Dear Sebastian

On your question on the distribution of number values. All the evidence available points to the singular being considerably more frequent than the plural overall (though there are plural dominant nouns like English lips which show a contrary pattern). The evidence is mainly from Indo-European, but where there is data on non-IE languages, so far the (limited) evidence is for an even greater preponderance of the singular. Here’s a current summary:

"Evidence for this general pattern is found in Greenberg (1966 :31–32), who gives data
on French, Russian, Latin and Sanskrit, and the list is expanded in Corbett (2000 :281–
282) to include Slovene and Upper Sorbian. For those (Indo-European) languages
 the singular is used typically in over 70% of the instances in running text (somewhat
lower in Upper Sorbian); 70% is also the approximate figure reported for English
(Haskell et al. 2003 :125), while 79% is reported for Finnish texts (Räsänen 1979 :24),
and 91% for the Dagestanian language Hinuq (Forker 2016b :93)."

It’s from
Grevile G. Corbett 2019. Pluralia tantum nouns and the theory of features: a typology of nouns with non-canonical number properties. Morphology Volume 29, 1, 51–108. DOI: 10.1007/s11525-018-9336-0. ( https://link.springer.com/article/10.1007/s11525-018-9336-0)
It’s Open access so the references can be checked there. As that paper suggests, the fun really starts when other number values are involved.

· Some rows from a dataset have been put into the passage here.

(* Let $d,n\in\mathbb{N}$, $W\in M_n(\mathbb{Z}_d)$, $\Omega=W-W^T$, $R$ a commutative ring, $\omega\in R$ such that $m\mapsto\omega^m$ is an embedding $\zeta:\mathbb{Z}_d\to R^\times$, $A\le R^\times$ a subgroup with $\omega\in A$, $M$ an associative $R$-algebra, and $\tau:\mathbb{Z}_d^n\to M$ such that $\mu:\mathcal{G}_d^n(A,\zeta,W)\to M$, $\mu(a,p,x)=a\,\omega^p\tau(x)$, is an injective multiplicative homomorphism. Then for all $(a,p,x),(b,q,y)\in\mathcal{G}_d^n(A,\zeta,W)$, $$\mu(a,p,x)\mu(b,q,y)\mu(a,p,x)^{-1}\mu(b,q,y)^{-1}=\omega^{x^T\Omega y},$$ and $$\mu(a,p,x)\mu(b,q,y)-\mu(b,q,y)\mu(a,p,x)=\big(1-\omega^{-x^T\Omega y}\big)\mu(a,p,x)\mu(b,q,y).$$
   Context: $R^\times$ is the group of units of $R$. Let $F\subseteq A$ be a fixed set of representatives of $A/\zeta(\mathbb{Z}_d)$ with $1\in F$, and $r:A\to F$, $u:A\to\mathbb{Z}_d$ the maps with $a=r(a)\omega^{u(a)}$. The polar commutator group $\mathcal{G}_d^n(A,\zeta,W)$ is the set $F\times\mathbb{Z}_d\times\mathbb{Z}_d^n$ with multiplication $(a,p,x)\cdot(b,q,y)=(r(ab),\,u(ab)+p+q+x^TWy,\,x+y)$. *)

From HB Require Import structures.
From mathcomp Require Import all_boot all_order all_algebra.
Set Implicit Arguments. Unset Strict Implicit. Unset Printing Implicit Defensive.
Import GRing.Theory.
Local Open Scope ring_scope.

(* Elements of the polar commutator group G_d^n(A, zeta, W) are triples
   (a, p, x) with a \in F, p : 'Z_d, x : 'cV['Z_d]_n. *)
Definition pcg_elt (R : Type) (d n : nat) := (R * 'Z_d * 'cV['Z_d]_n)%type.

Definition bilin (d n : nat) (x : 'cV['Z_d]_n) (W : 'M['Z_d]_n) (y : 'cV['Z_d]_n)
  : 'Z_d := (x^T *m W *m y) ord0 ord0.

Definition pcg_mul (R : pzRingType) (d n : nat) (r : R -> R) (u : R -> 'Z_d)
  (W : 'M['Z_d]_n) (g h : pcg_elt R d n) : pcg_elt R d n :=
  let: (a, p, x) := g in let: (b, q, y) := h in
  (r (a * b), u (a * b) + p + q + bilin x W y, x + y).

Definition pcg_mu (R : comPzRingType) (M : lalgType R) (d n : nat) (omega : R)
  (tau : 'cV['Z_d]_n -> M) (g : pcg_elt R d n) : M :=
  let: (a, p, x) := g in (a * omega ^+ p) *: tau x.

From HB Require Import structures.
From mathcomp Require Import all_boot all_order all_algebra.
From mathcomp Require Import ring.
Set Implicit Arguments. Unset Strict Implicit. Unset Printing Implicit Defensive.
Import GRing.Theory.
Local Open Scope ring_scope.

(* Multiplying (a,p,x).(b,q,y) and (b,q,y).(a,p,x) in G gives triples that
   differ only in their Z_d component, by x^T W y - y^T W x = x^T Omega y; as
   mu turns that component into a scalar omega-power, mu(g) mu(h) equals
   omega^(x^T Omega y) mu(h) mu(g).  Every mu(g) is invertible, being the
   image of an element with a two-sided inverse in G, so both identities are
   rearrangements of this commutation rule. *)

Lemma bilin_skew (d n : nat) (x y : 'cV['Z_d]_n) (W : 'M['Z_d]_n) :
  bilin x (W - W^T) y = bilin x W y - bilin y W x.
Proof.
have trW : x^T *m W^T *m y = (y^T *m W *m x)^T by rewrite !trmx_mul trmxK mulmxA.
by rewrite /bilin mulmxBr mulmxBl trW !mxE.
Qed.

Lemma bilinNl (d n : nat) (x y : 'cV['Z_d]_n) (W : 'M['Z_d]_n) :
  bilin (- x) W y = - bilin x W y.
Proof. by rewrite /bilin linearN /= !mulNmx !mxE. Qed.

Lemma bilinNr (d n : nat) (x y : 'cV['Z_d]_n) (W : 'M['Z_d]_n) :
  bilin x W (- y) = - bilin x W y.
Proof. by rewrite /bilin mulmxN !mxE. Qed.

Lemma expr_ZpD (R : pzSemiRingType) (d : nat) (w : R) (i j : 'Z_d) :
  (1 < d)%N -> w ^+ d = 1 -> w ^+ (i + j)%R = w ^+ i * w ^+ j.
Proof.
move=> d_gt1 wd1; have wd1' : w ^+ (Zp_trunc d).+2 = 1 by rewrite (Zp_cast d_gt1).
rewrite -exprD /= [in RHS](divn_eq (i + j) (Zp_trunc d).+2).
by rewrite exprD mulnC exprM wd1' expr1n mul1r.
Qed.

Lemma commutator_scaled (K : comUnitRingType) (N : unitAlgType K) (G H : N) (c : K) :
  G \is a GRing.unit -> H \is a GRing.unit ->
  G * H = c *: (H * G) -> G * H * G^-1 * H^-1 = c%:A.
Proof. by move=> uG uH ->; rewrite -!scalerAl (mulrK uG) divrr. Qed.

Lemma commr_diff_scaled (K : comPzRingType) (N : lalgType K) (G H : N) (c : K) :
  H * G = c *: (G * H) -> G * H - H * G = (1 - c) *: (G * H).
Proof. by move=> ->; rewrite scalerBl scale1r. Qed.

Section PolarCommutatorGroup.

Variables (d n : nat) (W : 'M['Z_d]_n) (R : comUnitRingType) (omega : R).
Variables (A F : pred R) (r : R -> R) (u : R -> 'Z_d).
Variables (M : unitAlgType R) (tau : 'cV['Z_d]_n -> M).

Hypothesis d_gt1 : (1 < d)%N.
Hypothesis omega_d : omega ^+ d = 1.
Hypothesis A_unit : forall a, a \in A -> a \is a GRing.unit.
Hypothesis AM : forall a b, a \in A -> b \in A -> a * b \in A.
Hypothesis AV : forall a, a \in A -> a^-1 \in A.
Hypothesis FA : forall f, f \in F -> f \in A.
Hypothesis F1 : 1 \in F.
Hypothesis F_rep : forall f g (m k : 'Z_d), f \in F -> g \in F ->
  f * omega ^+ m = g * omega ^+ k -> f = g.
Hypothesis rF : forall a, a \in A -> r a \in F.
Hypothesis ru : forall a, a \in A -> a = r a * omega ^+ u a.

Let omegaD (i j : 'Z_d) : omega ^+ (i + j)%R = omega ^+ i * omega ^+ j :=
  expr_ZpD i j d_gt1 omega_d.

Local Notation mu := (pcg_mu omega tau).
Local Notation mul := (pcg_mul r u W).

Hypothesis mu_mul : forall g h : pcg_elt R d n, g.1.1 \in F -> h.1.1 \in F ->
  mu (mul g h) = mu g * mu h.
Hypothesis mu1 : mu (1, 0, 0) = 1.

Lemma r_eq1 (c : R) (m : 'Z_d) : c \in A -> c * omega ^+ m = 1 -> r c = 1.
Proof.
move=> cA cm1; apply: (@F_rep _ _ (u c + m) 0 (rF cA) F1).
by rewrite expr0 mulr1 omegaD mulrA -ru.
Qed.

Lemma mu_comm (a b : R) (p q : 'Z_d) (x y : 'cV['Z_d]_n) : a \in F -> b \in F ->
  mu (a, p, x) * mu (b, q, y) = omega ^+ bilin x (W - W^T) y *: (mu (b, q, y) * mu (a, p, x)).
Proof.
move=> aF bF; rewrite -!mu_mul // /pcg_mul /pcg_mu (mulrC b a) (addrC y x) scalerA.
congr (_ *: _); rewrite mulrCA -omegaD bilin_skew.
by congr (_ * omega ^+ nat_of_ord _); ring.
Qed.

Lemma mu_unit (a : R) (p : 'Z_d) (x : 'cV['Z_d]_n) : a \in F -> mu (a, p, x) \is a GRing.unit.
Proof.
move=> aF; have aA := FA aF; set a' := r a^-1.
have a'F : a' \in F by exact: rF (AV aA).
have aa'1 : r (a * a') = 1.
  apply: (@r_eq1 _ (u a^-1)); first by rewrite AM // FA.
  by rewrite -mulrA -ru ?AV // mulrV ?A_unit.
apply/unitrP; exists (mu (a', bilin x W x - p - u (a * a'), - x)).
by rewrite -!mu_mul // -mu1 /pcg_mul (mulrC a' a) aa'1 addNr addrN bilinNl bilinNr;
  split; congr (mu (_, _, _)); ring.
Qed.

End PolarCommutatorGroup.

Theorem proposition24 (d n : nat) (hd : (1 < d)%N) (W : 'M['Z_d]_n)
  (R : comUnitRingType) (omega : R)
  (* zeta : Z_d -> R^x, m |-> omega^m, is a (well-defined) embedding *)
  (homega_d : omega ^+ d = 1)
  (hzeta_inj : injective (fun m : 'Z_d => omega ^+ m))
  (* A is a subgroup of R^x containing omega *)
  (A : pred R)
  (hA_unit : forall a, a \in A -> a \is a GRing.unit)
  (hA1 : 1 \in A)
  (hAM : forall a b, a \in A -> b \in A -> a * b \in A)
  (hAV : forall a, a \in A -> a^-1 \in A)
  (homegaA : omega \in A)
  (* F : set of representatives of A / zeta(Z_d) with 1 \in F *)
  (F : pred R)
  (hFA : forall f, f \in F -> f \in A)
  (hF1 : 1 \in F)
  (hFrep : forall f g (m k : 'Z_d), f \in F -> g \in F ->
             f * omega ^+ m = g * omega ^+ k -> f = g)
  (* r, u with a = r(a) omega^(u(a)) *)
  (r : R -> R) (u : R -> 'Z_d)
  (hrF : forall a, a \in A -> r a \in F)
  (hru : forall a, a \in A -> a = r a * omega ^+ u a)
  (M : unitAlgType R) (tau : 'cV['Z_d]_n -> M)
  (* mu is an injective multiplicative homomorphism *)
  (hmu_mul : forall g h : pcg_elt R d n, g.1.1 \in F -> h.1.1 \in F ->
     pcg_mu omega tau (pcg_mul r u W g h) = pcg_mu omega tau g * pcg_mu omega tau h)
  (hmu_one : pcg_mu omega tau (1, 0, 0) = 1)
  (hmu_inj : forall g h : pcg_elt R d n, g.1.1 \in F -> h.1.1 \in F ->
     pcg_mu omega tau g = pcg_mu omega tau h -> g = h) :
  forall (a : R) (p : 'Z_d) (x : 'cV['Z_d]_n) (b : R) (q : 'Z_d) (y : 'cV['Z_d]_n),
    a \in F -> b \in F ->
    let Omega := W - W^T in
    let mg := pcg_mu omega tau (a, p, x) in
    let mh := pcg_mu omega tau (b, q, y) in
    mg * mh * mg^-1 * mh^-1 = (omega ^+ bilin x Omega y)%:A /\
    mg * mh - mh * mg = (1 - omega ^+ (- bilin x Omega y)) *: (mg * mh).
Proof.
move=> a p x b q y aF bF Omega mg mh.
have gh := mu_comm hd homega_d hmu_mul p q x y aF bF.
have unit_mu := mu_unit hd homega_d hA_unit hAM hAV hFA hF1 hFrep hrF hru hmu_mul hmu_one.
split; first exact: commutator_scaled (unit_mu _ _ _ aF) (unit_mu _ _ _ bF) gh.
apply: commr_diff_scaled.
by rewrite [in RHS]gh scalerA -expr_ZpD // addNr expr0 scale1r.
Qed.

So whey would there be apparent counter-evidence?
1. Some linguists fail to gloss bare stems, so they’d gloss dogs as plural but would not gloss the number of dog.
2. Similarly in languages where a part of the noun inventory shows “General number” some might (reasonably) not gloss general when it equals singular, but would gloss plural

Very best

On 7 Apr 2020, at 11:22, Sebastian Nordhoff <sebastian.nordhoff at glottotopia.de<mailto:sebastian.nordhoff at glottotopia.de>> wrote:

Dear list members,
I have done some analyses of endangered language archives (SOAS/ELAR, Nijmegen, Paradisec, AILLA). I retrieved 20k ELAN files with transcriptions and annotations and ran some statistics on the transcription tiers and the translation tiers.

Altogether, transcriptions have 2.5 million words; translations have 400.000 words.

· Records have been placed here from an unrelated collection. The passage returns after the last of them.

(* Let $(F_n)_{n\ge 0}$ be the Fibonacci sequence with $F_0=0$, $F_1=1$, $F_n=F_{n-1}+F_{n-2}$ for $n\ge2$. For all integers $k\ge 0$ and $m\ge 0$, $$[\underbrace{4,4,\dots,4}_{m},\,2k+3]=\frac{F_{3m+4}+k\,F_{3m+3}}{F_{3m+1}+k\,F_{3m}},$$ where the continued fraction has $m+1$ entries $a_0,\dots,a_m$ with $a_i=4$ for $0\le i<m$ and $a_m=2k+3$.
   Context: For numbers $a_0,a_1,\dots,a_m$, the finite simple continued fraction $[a_0,a_1,\dots,a_m]$ denotes $a_0+\cfrac{1}{a_1+\cfrac{1}{\ddots+\cfrac{1}{a_m}}}$, evaluated as a rational number; $[a_0]=a_0$. *)

From HB Require Import structures.
From mathcomp Require Import all_boot all_order all_algebra.
Set Implicit Arguments. Unset Strict Implicit. Unset Printing Implicit Defensive.
Import Order.TTheory GRing.Theory Num.Theory.
Local Open Scope ring_scope.

Fixpoint fib (n : nat) : nat :=
  match n with
  | 0 => 0
  | 1 => 1
  | (m.+1 as p).+1 => fib p + fib m
  end%N.

(* Finite simple continued fraction [a_0; a_1, ..., a_m] evaluated in rat.
   cf [::] is an unused default (0); cf [:: a] = a;
   cf (a :: s) = a + 1 / cf s for s nonempty. *)
Fixpoint cf (s : seq rat) : rat :=
  match s with
  | [::] => 0
  | [:: a] => a
  | a :: t => a + (cf t)^-1
  end.

From mathcomp Require Import all_boot all_order all_algebra.
From mathcomp Require Import zify ring.
Import GRing.Theory Num.Theory.
Local Open Scope ring_scope.

(* Write p_m = F_{3m+4} + k F_{3m+3} and q_m = F_{3m+1} + k F_{3m}.  The
   identity F_{n+6} = 4 F_{n+3} + F_n gives p_{m+1} = 4 p_m + q_m and
   q_{m+1} = p_m, so p_{m+1} / q_{m+1} = 4 + 1 / (p_m / q_m): prepending a 4
   to the continued fraction. *)

Lemma cf_cons (a : rat) (s : seq rat) : s != [::] -> cf (a :: s) = a + (cf s)^-1.
Proof. by case: s. Qed.

Lemma cf_nseqS_rcons (a x : rat) (m : nat) :
  cf (rcons (nseq m.+1 a) x) = a + (cf (rcons (nseq m a) x))^-1.
Proof. by rewrite [nseq _ _]/= rcons_cons cf_cons // -size_eq0 size_rcons. Qed.

Lemma fibSS (n : nat) : fib n.+2 = (fib n.+1 + fib n)%N.
Proof. by []. Qed.

Lemma fib_add6 (n : nat) : fib (n + 6) = (4 * fib (n + 3) + fib n)%N.
Proof. rewrite !addnS addn0 !fibSS; lia. Qed.

Lemma fib_gt0 (n : nat) : (0 < fib n.+1)%N.
Proof. by elim: n => [|n IHn] //; rewrite fibSS ltn_addr. Qed.

Section Convergents.

Variable k : nat.

Definition cf_num (m : nat) : nat := fib (3 * m + 4) + k * fib (3 * m + 3).
Definition cf_den (m : nat) : nat := fib (3 * m + 1) + k * fib (3 * m).

Lemma cf_numS (m : nat) : cf_num m.+1 = (4 * cf_num m + cf_den m)%N.
Proof.
rewrite /cf_num /cf_den.
have -> : (3 * m.+1 + 4 = 3 * m + 1 + 6)%N by lia.
have -> : (3 * m.+1 + 3 = 3 * m + 6)%N by lia.
rewrite !fib_add6 (_ : 3 * m + 1 + 3 = 3 * m + 4)%N; lia.
Qed.

Lemma cf_denS (m : nat) : cf_den m.+1 = cf_num m.
Proof.
rewrite /cf_den /cf_num.
have -> : (3 * m.+1 = 3 * m + 3)%N by lia.
by rewrite -addnA.
Qed.

Lemma cf_num_gt0 (m : nat) : (0 < cf_num m)%N.
Proof. by rewrite /cf_num addnS ltn_addr // fib_gt0. Qed.

Lemma cf_nseq4_rcons (m : nat) :
  cf (rcons (nseq m 4) (2 * k + 3)%N%:R) = (cf_num m)%:R / (cf_den m)%:R.
Proof.
elim: m => [|m IHm]; first by rewrite /cf_num /cf_den /= muln0 addn0 divr1; congr _%:R; lia.
have num_neq0 : (cf_num m)%:R != 0 :> rat by rewrite pnatr_eq0 -lt0n cf_num_gt0.
rewrite cf_nseqS_rcons IHm invf_div cf_numS cf_denS natrD natrM.
by field.
Qed.

End Convergents.

Theorem theorem2 (k m : nat) :
  cf (rcons (nseq m (4%:R : rat)) (2 * k + 3)%N%:R)
  = ((fib (3 * m + 4))%:R + k%:R * (fib (3 * m + 3))%:R)
    / ((fib (3 * m + 1))%:R + k%:R * (fib (3 * m))%:R).
Proof. by rewrite cf_nseq4_rcons /cf_num /cf_den !natrD !natrM. Qed.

Here are a number of findings I would like to share:

== Graphemes ==

- the most frequent grapheme in transcriptions is <a>
- the next most frequent graphemes are <e>, <i>, <n>, but the order is different between archives.

The fact that <a> is the most frequent grapheme is certainly plausible. But I am interested in explanations for the differences between <e>, <i>, <n>. Would we have expected these three, and which order would we have predicted?

== Categories ==

- the most frequent glossed categories are SG and PL. ELAR and Paradisec have more SG than PL, but TLA/Dobes has more PL than SG.

What do members of this list think are the most plausible explanations for the difference here? Does this meet your intuitions about the distribution of number categories?

The most popular non-number categories are DEM and PST by the way.

== Lexical glosses ==

'go' is the most frequent lexical gloss. 'come' is on rank #5, #7, #8 and #12+ in four different archives. 'one' is also a popular gloss. 'say' is popular in ELAR and TLA, but not in PARADISEC. 'then' is found in AILLA, PARADISEC and TLA, but not so much in ELAR.

The dominance of 'go' is plausible, but I was wondering what could explain the relatively reduced frequency of 'say' and 'then' in certain archives.

For the time being, all analyses are based on tokens, and there is no control for area or language. I have plans for refining the analyses in the future, but for right now, I would need some input from this list regarding possible explanations or hypotheses to investigate.

Best wishes